▶ **Task goal**
Using the listing below, set down each line from the line containing "set (K := b / (3 * N ^ 2))." through the line containing "Rabs (y t i - optimal_level n b i) <= contraction", both ends included, exactly and with nothing added.

▶ **Provided material**
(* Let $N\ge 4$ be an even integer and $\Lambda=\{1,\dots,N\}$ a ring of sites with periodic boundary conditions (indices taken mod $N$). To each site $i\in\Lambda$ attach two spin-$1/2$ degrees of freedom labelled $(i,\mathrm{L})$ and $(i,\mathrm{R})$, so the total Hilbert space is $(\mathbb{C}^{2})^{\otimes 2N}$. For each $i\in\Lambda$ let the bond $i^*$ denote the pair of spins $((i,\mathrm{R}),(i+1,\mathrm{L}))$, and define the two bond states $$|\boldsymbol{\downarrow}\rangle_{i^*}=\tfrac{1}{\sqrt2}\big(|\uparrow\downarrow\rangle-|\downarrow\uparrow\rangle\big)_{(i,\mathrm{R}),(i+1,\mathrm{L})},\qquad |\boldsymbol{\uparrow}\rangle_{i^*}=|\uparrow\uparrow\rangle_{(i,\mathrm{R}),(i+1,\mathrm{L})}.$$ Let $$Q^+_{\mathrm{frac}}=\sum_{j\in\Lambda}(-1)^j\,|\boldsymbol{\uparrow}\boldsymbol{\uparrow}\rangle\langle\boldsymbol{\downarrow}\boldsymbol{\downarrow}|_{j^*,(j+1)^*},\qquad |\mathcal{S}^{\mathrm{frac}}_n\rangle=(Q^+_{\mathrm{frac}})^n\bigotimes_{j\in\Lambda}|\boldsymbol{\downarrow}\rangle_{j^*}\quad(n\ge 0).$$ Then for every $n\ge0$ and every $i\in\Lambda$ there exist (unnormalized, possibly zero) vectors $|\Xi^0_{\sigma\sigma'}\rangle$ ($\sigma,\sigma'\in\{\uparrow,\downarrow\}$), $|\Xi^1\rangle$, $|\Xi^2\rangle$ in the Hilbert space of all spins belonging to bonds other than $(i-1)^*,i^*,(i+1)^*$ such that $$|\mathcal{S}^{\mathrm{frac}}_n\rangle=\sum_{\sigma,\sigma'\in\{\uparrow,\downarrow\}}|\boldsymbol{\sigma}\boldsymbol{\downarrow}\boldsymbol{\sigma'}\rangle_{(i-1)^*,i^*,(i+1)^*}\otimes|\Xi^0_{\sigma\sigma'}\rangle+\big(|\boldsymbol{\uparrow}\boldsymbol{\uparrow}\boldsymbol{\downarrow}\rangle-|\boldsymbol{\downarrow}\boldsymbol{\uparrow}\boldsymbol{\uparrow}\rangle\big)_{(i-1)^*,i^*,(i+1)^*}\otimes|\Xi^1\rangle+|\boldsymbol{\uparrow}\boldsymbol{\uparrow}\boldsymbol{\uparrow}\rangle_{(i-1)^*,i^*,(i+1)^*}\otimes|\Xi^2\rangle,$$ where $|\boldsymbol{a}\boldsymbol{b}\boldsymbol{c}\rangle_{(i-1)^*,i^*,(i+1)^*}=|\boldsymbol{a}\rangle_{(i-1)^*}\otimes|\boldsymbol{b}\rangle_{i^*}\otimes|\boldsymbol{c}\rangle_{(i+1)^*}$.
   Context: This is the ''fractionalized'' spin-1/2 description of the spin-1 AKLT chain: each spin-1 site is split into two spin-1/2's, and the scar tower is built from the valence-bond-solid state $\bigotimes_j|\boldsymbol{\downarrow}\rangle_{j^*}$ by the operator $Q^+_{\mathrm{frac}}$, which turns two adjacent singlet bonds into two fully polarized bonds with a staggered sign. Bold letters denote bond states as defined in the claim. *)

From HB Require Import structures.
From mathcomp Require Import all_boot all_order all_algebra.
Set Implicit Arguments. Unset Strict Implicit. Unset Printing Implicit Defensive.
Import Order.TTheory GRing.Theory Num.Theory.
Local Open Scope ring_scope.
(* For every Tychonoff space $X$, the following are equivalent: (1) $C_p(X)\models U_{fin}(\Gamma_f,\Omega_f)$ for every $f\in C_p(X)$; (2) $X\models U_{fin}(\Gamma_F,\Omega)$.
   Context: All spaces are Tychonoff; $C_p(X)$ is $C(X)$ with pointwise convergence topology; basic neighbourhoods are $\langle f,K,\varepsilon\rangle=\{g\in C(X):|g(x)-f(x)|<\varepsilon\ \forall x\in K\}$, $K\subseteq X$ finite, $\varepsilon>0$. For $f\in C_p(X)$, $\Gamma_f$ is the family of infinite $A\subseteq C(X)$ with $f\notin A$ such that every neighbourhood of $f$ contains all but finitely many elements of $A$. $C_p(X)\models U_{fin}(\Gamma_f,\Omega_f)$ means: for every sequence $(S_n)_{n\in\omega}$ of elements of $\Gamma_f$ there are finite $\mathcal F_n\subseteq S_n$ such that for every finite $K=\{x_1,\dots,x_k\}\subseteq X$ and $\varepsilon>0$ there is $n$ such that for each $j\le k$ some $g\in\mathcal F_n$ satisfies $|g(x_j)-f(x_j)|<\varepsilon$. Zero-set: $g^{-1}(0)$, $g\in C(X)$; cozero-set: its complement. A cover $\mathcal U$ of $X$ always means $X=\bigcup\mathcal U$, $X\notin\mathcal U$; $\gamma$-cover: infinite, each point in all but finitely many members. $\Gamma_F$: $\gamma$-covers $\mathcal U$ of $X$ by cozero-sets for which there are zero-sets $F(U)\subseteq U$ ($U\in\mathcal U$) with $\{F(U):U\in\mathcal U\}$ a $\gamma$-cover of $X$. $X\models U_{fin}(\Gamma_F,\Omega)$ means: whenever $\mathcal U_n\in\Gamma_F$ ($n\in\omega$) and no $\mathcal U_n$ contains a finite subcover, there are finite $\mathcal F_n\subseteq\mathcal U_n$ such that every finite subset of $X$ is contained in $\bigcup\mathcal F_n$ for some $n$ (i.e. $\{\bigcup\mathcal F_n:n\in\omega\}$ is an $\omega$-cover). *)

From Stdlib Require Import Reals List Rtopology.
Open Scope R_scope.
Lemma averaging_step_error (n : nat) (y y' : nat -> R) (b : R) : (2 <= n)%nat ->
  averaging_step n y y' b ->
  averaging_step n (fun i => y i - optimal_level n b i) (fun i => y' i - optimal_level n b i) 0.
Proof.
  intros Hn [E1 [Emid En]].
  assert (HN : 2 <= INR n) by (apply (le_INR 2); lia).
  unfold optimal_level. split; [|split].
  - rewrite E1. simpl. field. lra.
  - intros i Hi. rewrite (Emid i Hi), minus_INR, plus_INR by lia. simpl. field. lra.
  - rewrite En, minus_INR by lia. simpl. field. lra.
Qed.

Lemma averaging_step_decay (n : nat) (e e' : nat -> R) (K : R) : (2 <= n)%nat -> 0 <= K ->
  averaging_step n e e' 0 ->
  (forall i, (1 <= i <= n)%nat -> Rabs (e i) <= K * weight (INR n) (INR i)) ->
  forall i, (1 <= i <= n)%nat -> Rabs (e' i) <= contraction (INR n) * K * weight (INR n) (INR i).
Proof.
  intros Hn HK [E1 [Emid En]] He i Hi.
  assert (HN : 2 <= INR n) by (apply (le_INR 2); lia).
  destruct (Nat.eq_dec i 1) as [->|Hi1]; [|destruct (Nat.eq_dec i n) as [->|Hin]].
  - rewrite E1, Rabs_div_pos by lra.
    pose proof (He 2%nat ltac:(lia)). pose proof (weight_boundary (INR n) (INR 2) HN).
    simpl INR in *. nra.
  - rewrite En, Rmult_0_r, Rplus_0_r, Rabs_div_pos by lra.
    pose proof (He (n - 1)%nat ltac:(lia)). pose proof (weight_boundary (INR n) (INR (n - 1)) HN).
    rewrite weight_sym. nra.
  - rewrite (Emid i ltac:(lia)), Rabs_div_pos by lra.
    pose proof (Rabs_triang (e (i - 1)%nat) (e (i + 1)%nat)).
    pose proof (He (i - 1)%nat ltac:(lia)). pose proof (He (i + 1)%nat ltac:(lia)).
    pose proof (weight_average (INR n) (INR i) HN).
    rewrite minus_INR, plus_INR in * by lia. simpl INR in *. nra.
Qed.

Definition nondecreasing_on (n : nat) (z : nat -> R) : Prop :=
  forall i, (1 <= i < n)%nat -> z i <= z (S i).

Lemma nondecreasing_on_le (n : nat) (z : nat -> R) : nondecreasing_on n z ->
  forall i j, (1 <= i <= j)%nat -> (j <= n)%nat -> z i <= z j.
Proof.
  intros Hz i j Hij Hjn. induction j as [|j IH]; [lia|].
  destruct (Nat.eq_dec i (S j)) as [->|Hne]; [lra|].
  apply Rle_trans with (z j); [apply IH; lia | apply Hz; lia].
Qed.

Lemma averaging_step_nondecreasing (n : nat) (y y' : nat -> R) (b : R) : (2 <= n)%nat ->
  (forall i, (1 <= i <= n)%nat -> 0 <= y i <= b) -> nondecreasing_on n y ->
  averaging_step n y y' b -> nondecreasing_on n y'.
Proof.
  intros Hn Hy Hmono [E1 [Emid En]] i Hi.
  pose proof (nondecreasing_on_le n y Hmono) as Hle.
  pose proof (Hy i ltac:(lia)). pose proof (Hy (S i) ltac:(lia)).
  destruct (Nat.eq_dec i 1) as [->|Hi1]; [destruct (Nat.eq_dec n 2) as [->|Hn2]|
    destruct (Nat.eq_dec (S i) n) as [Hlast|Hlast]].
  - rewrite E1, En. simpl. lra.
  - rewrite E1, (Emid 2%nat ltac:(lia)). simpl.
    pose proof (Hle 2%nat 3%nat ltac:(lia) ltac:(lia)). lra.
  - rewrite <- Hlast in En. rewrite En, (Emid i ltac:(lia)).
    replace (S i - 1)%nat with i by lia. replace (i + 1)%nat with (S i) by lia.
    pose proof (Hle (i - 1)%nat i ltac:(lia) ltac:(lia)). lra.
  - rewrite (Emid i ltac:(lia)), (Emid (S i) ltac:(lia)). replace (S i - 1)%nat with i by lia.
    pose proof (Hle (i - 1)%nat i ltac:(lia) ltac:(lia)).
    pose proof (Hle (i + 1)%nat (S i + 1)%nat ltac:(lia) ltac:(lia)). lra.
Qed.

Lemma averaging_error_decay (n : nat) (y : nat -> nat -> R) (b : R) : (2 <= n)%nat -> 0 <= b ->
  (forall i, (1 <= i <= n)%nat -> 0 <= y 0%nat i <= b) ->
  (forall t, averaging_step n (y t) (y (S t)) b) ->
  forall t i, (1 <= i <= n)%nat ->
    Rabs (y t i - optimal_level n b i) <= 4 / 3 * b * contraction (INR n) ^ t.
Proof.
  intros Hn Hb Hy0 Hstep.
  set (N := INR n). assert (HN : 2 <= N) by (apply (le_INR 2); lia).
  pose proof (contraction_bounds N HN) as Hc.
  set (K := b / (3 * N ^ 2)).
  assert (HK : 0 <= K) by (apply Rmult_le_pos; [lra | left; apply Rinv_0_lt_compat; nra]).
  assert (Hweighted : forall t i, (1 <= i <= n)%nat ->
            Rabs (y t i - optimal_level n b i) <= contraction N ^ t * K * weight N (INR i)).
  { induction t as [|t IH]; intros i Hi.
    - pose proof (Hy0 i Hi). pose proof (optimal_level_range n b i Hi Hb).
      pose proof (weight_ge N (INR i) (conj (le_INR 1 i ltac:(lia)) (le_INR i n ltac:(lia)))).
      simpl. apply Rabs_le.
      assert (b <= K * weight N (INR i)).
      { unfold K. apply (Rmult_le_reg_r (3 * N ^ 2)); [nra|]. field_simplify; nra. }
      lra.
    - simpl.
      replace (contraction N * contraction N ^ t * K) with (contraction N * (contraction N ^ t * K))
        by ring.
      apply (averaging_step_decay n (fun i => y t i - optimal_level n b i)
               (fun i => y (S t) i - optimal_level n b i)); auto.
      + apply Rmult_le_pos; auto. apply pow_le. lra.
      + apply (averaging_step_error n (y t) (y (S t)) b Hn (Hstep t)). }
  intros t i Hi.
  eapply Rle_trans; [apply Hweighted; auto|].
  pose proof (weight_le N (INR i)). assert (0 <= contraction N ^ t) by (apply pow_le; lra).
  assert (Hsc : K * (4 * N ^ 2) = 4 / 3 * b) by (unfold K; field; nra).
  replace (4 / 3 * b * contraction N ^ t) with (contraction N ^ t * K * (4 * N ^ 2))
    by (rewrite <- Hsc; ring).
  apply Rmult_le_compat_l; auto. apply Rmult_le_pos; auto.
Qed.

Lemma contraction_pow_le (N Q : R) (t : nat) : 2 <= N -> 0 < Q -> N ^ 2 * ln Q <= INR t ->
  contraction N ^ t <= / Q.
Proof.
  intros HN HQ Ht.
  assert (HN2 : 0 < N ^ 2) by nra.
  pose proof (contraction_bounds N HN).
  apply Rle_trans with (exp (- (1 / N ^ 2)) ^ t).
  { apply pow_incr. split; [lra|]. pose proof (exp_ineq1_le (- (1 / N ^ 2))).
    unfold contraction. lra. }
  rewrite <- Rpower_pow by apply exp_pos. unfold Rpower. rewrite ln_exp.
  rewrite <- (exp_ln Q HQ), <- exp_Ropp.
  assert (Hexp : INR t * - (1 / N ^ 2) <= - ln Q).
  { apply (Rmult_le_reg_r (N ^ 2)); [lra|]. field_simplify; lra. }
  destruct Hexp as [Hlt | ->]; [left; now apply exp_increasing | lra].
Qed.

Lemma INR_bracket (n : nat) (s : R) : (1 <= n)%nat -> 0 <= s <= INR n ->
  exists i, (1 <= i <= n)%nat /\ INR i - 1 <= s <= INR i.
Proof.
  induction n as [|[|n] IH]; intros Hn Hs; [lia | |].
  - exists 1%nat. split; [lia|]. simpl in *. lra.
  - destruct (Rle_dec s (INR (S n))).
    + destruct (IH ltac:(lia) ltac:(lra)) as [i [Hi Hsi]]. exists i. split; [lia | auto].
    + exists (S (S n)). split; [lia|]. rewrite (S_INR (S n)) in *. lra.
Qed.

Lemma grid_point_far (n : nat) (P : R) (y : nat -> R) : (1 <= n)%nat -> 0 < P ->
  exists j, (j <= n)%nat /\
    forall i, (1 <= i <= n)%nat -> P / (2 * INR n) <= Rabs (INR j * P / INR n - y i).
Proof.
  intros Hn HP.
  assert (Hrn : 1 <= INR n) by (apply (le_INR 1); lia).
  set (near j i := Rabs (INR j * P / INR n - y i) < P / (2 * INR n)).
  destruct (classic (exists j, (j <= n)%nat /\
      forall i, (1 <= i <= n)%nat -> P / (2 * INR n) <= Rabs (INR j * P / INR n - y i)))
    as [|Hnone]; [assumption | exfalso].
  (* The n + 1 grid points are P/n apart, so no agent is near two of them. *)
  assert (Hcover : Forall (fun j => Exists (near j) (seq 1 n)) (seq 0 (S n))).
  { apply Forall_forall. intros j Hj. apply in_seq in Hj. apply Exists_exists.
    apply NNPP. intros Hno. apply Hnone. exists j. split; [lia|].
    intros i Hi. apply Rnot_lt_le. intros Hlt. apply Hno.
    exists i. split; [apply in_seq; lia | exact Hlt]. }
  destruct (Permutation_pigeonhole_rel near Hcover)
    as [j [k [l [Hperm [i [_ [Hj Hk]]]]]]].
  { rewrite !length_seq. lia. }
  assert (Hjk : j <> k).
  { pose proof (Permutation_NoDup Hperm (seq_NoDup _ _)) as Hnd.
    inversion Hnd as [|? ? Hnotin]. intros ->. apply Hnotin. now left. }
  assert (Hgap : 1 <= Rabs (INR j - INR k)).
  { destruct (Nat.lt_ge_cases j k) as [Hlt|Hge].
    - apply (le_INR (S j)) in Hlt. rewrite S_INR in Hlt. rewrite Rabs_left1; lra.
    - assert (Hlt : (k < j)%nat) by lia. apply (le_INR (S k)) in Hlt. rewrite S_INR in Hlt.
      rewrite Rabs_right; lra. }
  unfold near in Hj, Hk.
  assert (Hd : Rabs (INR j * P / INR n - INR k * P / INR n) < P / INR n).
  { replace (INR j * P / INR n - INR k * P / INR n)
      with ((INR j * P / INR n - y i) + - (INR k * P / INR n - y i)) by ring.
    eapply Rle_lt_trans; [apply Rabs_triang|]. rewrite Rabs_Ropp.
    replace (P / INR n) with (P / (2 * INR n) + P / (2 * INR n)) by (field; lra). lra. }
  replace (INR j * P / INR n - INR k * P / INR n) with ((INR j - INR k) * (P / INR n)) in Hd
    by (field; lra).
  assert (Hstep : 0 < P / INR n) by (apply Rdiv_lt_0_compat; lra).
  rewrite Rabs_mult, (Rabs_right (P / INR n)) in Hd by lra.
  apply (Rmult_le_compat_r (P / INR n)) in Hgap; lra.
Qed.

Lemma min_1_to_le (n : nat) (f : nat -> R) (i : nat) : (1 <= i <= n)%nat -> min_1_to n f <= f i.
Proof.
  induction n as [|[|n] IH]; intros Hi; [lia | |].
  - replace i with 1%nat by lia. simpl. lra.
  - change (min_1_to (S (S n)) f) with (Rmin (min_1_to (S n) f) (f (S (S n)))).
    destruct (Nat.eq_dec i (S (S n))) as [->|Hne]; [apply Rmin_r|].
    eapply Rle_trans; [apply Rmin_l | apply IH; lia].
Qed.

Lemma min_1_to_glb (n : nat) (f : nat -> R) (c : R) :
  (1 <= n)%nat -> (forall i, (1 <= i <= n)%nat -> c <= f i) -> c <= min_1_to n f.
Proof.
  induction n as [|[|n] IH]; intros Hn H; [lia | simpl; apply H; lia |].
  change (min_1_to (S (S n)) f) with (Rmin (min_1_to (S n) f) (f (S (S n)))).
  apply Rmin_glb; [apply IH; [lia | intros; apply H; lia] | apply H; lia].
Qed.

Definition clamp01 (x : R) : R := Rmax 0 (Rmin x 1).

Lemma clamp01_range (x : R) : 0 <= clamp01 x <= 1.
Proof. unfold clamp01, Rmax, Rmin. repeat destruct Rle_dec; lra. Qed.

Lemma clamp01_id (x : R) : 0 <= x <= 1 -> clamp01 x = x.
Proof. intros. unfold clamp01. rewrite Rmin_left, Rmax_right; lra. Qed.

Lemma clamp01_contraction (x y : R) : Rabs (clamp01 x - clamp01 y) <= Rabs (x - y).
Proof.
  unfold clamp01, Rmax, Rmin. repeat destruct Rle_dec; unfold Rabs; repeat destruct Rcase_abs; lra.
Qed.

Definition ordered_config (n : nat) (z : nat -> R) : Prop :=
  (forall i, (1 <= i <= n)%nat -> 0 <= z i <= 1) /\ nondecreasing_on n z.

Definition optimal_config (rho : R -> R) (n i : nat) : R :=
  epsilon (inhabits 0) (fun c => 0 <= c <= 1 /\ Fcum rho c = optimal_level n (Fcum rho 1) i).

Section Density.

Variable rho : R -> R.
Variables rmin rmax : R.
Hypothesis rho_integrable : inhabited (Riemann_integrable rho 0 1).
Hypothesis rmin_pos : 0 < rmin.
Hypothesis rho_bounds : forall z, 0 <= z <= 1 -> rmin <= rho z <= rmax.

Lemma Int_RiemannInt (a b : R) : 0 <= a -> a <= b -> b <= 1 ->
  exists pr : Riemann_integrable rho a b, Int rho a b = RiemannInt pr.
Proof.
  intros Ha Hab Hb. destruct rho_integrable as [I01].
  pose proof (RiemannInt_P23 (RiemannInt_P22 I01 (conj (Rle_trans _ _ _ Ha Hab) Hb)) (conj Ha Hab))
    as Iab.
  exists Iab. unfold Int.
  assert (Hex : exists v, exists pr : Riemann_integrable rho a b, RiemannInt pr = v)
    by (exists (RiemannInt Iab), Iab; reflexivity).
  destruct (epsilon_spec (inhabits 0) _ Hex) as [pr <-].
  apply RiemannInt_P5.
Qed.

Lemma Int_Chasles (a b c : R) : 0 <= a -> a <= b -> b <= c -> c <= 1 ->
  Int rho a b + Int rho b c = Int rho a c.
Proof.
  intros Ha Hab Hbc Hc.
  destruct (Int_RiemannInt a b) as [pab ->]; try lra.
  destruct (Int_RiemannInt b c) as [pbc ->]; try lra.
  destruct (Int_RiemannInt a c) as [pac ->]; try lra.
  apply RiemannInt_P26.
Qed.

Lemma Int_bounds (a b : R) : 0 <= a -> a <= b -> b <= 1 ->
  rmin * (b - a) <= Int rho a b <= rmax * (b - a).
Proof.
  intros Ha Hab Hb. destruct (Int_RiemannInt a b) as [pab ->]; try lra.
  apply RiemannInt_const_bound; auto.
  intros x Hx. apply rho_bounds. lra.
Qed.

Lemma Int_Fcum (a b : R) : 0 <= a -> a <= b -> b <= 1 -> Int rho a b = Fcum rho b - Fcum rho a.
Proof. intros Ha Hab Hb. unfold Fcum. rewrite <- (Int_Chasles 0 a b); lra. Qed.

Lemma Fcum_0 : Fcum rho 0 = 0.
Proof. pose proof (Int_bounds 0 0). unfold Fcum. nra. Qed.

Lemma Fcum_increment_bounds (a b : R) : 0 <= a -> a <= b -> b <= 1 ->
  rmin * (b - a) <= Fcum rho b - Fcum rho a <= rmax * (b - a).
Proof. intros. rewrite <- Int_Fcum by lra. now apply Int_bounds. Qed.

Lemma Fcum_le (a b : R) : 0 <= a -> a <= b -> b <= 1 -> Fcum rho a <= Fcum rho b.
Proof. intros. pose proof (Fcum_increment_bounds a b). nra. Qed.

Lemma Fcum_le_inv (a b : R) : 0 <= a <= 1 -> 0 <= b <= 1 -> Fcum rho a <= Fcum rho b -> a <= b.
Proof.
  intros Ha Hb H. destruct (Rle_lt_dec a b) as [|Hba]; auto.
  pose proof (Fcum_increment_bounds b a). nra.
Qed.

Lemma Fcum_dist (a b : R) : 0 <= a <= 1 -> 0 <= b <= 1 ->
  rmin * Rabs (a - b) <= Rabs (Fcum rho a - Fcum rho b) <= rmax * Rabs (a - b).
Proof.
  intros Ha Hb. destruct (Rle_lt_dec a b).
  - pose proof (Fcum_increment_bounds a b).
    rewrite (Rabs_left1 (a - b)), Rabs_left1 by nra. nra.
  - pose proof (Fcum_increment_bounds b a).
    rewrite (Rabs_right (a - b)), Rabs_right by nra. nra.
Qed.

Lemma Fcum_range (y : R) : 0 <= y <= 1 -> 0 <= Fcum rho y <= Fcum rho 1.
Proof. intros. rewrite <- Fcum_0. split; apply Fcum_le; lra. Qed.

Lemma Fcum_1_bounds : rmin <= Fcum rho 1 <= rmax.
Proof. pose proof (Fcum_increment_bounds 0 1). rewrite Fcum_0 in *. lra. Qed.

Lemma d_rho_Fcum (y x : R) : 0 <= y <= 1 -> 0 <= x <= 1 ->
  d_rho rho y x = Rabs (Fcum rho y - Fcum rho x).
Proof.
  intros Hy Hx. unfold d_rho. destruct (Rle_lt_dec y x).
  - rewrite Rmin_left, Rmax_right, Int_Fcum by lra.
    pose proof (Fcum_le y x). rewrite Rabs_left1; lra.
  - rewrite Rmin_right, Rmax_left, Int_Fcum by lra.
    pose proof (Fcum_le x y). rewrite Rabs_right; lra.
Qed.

▶ **Result of this exercise**
  set (K := b / (3 * N ^ 2)).
  assert (HK : 0 <= K) by (apply Rmult_le_pos; [lra | left; apply Rinv_0_lt_compat; nra]).
  assert (Hweighted : forall t i, (1 <= i <= n)%nat ->
            Rabs (y t i - optimal_level n b i) <= contraction N ^ t * K * weight N (INR i)).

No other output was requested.